In some cases, apart from the historical demand data for each SKU, we also have some other independent data points like forecast from sales team, forecast from customer, industry or segment demand numbers, promotional plans, etc. To utilize these factors while generating the forecast numbers, we can include these external parameters in the model as well. Such techniques are known by the names of ARIMAX or Dynamic Regression (as Rob Hyndman suggests). The idea is that we first apply a time series technique like ARIMA using the historical data & the remaining error terms from this exercise are further regressed against the available external variables. The underlying concept relies on explaining maximum variation in the data using both time series & linear regression. Appropriate technique for each SKU could then be selected again by using cross validation error.

However, if you are implementing this in R using forecast package, you might have to write your own function for cross validation part as default functions may not directly support cross validation using dynamic regression.

Machine Learning Forecasting

The machine learning approach can also be divided under two heads:

A) Without clustering

The idea here is to arrange the data available at each SKU level & convert it from a univariate data structure to a multivariate structure of inputs.

a) Without exogenous variables

When external variables are not available, we can convert data available at different lags into input feature set. Demand value present at prediction time step becomes the target variable in such scenarios.

The initial lag value, N, is to be considered based on the understanding of business & we can also try out a set of N values & use grid search to evaluate the number of lags to be considered while building the model. Prediction time step h will again vary from business to business & we generally try to keep the value of h in such a way that would leave enough time for the rest of the supply chain to react to the change in demand, if any. Arranging the data in such a columnar structure allows to use even tree-based machine learning algorithms & we are no longer restricted to the linear relationships. Time series models in a way look at only the linear relationship with respect to various lags & hence significantly different results could be obtained using different non-parametric machine learning models in this case.
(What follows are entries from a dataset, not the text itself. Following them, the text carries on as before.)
Lemma Groth_const_neg_inv (F : fieldType) n lam mu (x : F) : x != 0 ->
  @Groth F n lam mu (fun=> x) (- x^-1)
  = x ^+ skew_size lam mu *
    \sum_(T : filling n lam | is_SVT mu T) (-1) ^+ (Defs.tsize T - skew_size lam mu).
Proof.
move=> x_neq0; rewrite /Groth mulr_sumr; apply: eq_bigr => T /tsize_SVT tsizeE.
rewrite prodrXr sum_omega tsizeE addKn exprD mulrCA -exprMn mulNr mulVf //.
Qed.

Theorem theoremB1 (R : realType) (n : nat) (lam mu : seq nat) (beta : R[i]) :
  (0 < n)%N ->
  is_partition lam -> is_partition mu -> subpartition mu lam ->
  (forall j : nat, (col_count lam mu j <= n)%N) ->
  beta != 0 ->
  @Groth _ n lam mu (fun _ => beta) (- beta^-1) = beta ^+ skew_size lam mu.
Proof.
move=> n_gt0 lam_part mu_part _ col_le beta_neq0.
by rewrite Groth_const_neg_inv // sum_SVT_sign // mulr1.
Qed.
Lemma sum_weight_fitch t (G : 'I_r -> {set 'I_r} -> R) :
  \sum_(L <- labs 'I_r t) weight t L * G (lroot L) (fitch L) =
  \sum_b \sum_S fitch_dist t b S * G b S.
Proof.
elim: t G => [|pl tl IHl pr tr IHr] G /=.
  rewrite big_map big_enum; apply: eq_bigr => b _.
  rewrite mul1r -(sumr_mul_eq1 (G b) [set b]).
  by apply: eq_bigr => S _; rewrite mulrC eq_sym.
rewrite big_flatten big_map big_enum; apply: eq_bigr => a _.
rewrite big_allpairs_dep /= sum_merge_dist.
transitivity (\sum_(x <- labs 'I_r tl) weight tl x * (trans pl a (lroot x) *
  \sum_(y <- labs 'I_r tr) weight tr y *
    (trans pr a (lroot y) * G a (fitch_merge (fitch x) (fitch y))))).
  apply: eq_bigr => x _; rewrite !mulr_sumr; apply: eq_bigr => y _.
  by rewrite /fitch_merge; set g := G a _; ring.
under eq_bigr => x _ do
  rewrite (sum_weight_edge pr a (fun S2 => G a (fitch_merge (fitch x) S2)) IHr).
rewrite (sum_weight_edge pl a (fun S1 => \sum_S2 edge_push pr (fitch_dist tr) a S2 *
                                            G a (fitch_merge S1 S2)) IHl).
by apply: eq_bigr => S1 _; rewrite mulr_sumr; apply: eq_bigr => S2 _; rewrite mulrA.
Qed.

Lemma RA_MP_mp_prob t a : RA_MP r t a = mp_prob (fitch_dist t a) a.
Proof.
rewrite /RA_MP big_mkcond /=.
pose G b S : R := (b == a)%:R * mp_share a S.
rewrite (eq_bigr (fun L => weight t L * G (lroot L) (fitch L))) => [|L _]; last first.
  by rewrite /G; case: eqP => _; rewrite ?mul1r ?mul0r ?mulr0.
rewrite sum_weight_fitch (bigD1 a) //= [X in _ + X]big1 ?addr0 => [|b b_neq_a].
  by apply: eq_bigr => S _; rewrite /G eqxx mul1r.
by apply: big1 => S _; rewrite /G (negbTE b_neq_a) mul0r mulr0.
Qed.

End Neyman.

(* The argument also covers a tree reduced to a leaf. *)
Theorem corollary3 (R : realFieldType) (r : nat) (T : ptree R) (alpha : 'I_r) :
  (2 <= r)%N ->
  is_node T ->
  all_edges (fun p : R => 0 <= p <= (r.-1)%:R / r%:R) T ->
  (r%:R)^-1 <= RA_MP r T alpha /\
  (all_edges (fun p : R => p < (r.-1)%:R / r%:R) T ->
   (r%:R)^-1 < RA_MP r T alpha).
Proof.
move=> r_gt1 _ T_ok; rewrite RA_MP_mp_prob; set D := fitch_dist T alpha.
have D_sum : \sum_x mp_prob D x = 1.
  by rewrite sum_mp_prob /D ?fitch_dist_set0 // fitch_dist_mass.
split.
  have := inv_card_le_max D_sum; rewrite card_ord; apply=> b.
  have [-> //|b_neq_alpha] := eqVneq b alpha.
  by apply/mp_prob_le/fitch_dist_dominant; rewrite // eq_sym.
move=> T_lt; have := inv_card_lt_max (a := alpha) _ D_sum; rewrite card_ord; apply=> // b.
rewrite eq_sym => alpha_neq_b.
by apply: mp_prob_lt => //; [apply: fitch_dist_dominant | apply: fitch_dist_swap_lt].
Qed.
b) With exogenous variables

In case where external market signals or other internal demand signals are present at SKU level then these could also be incorporated into the machine learning model.

This approach would differ greatly from the approaches that have been mentioned so far in this post as in this case we would avoid building individual models for each of the SKUs. We would rather try to understand the historic demand pattern of all the SKUs & then try to group together those which follow similar demand pattern. We can either use the actual demand numbers or opt to generate summary statistics of historical demand numbers to segregate the SKUs with similar demand distribution.

Once we are able to identify right segments or clusters of SKUs, the next step would involve building individually optimized models for each of those segments.

This approach helps us two folds — First, it reduces the complexity of developing and managing so many individual models; Second, we would now have enough data to actually tune the model parameters & in case the data points in each cluster are sufficient, we may even try out neural networks (in case you fancy that)

Again, inclusion of external variables would vary from case to case depending upon whether relevant external variables are available in your industry or not.

When I initially started working in this area, I had to spend a lot of time in formulating the right approach where demand forecasting needs to be carried out at scale. Hope this post gives you a head start in case you plan to work on similar problem.

P.S. I have not touched upon the data sparsity related issues here which would call for careful analysis of data while building the models at granular level. You may like to understand how parameters like coefficient of variation (CoV) can help you first assess the forecastability of the concerned SKUs or categories, even before proceeding with the model development exercise.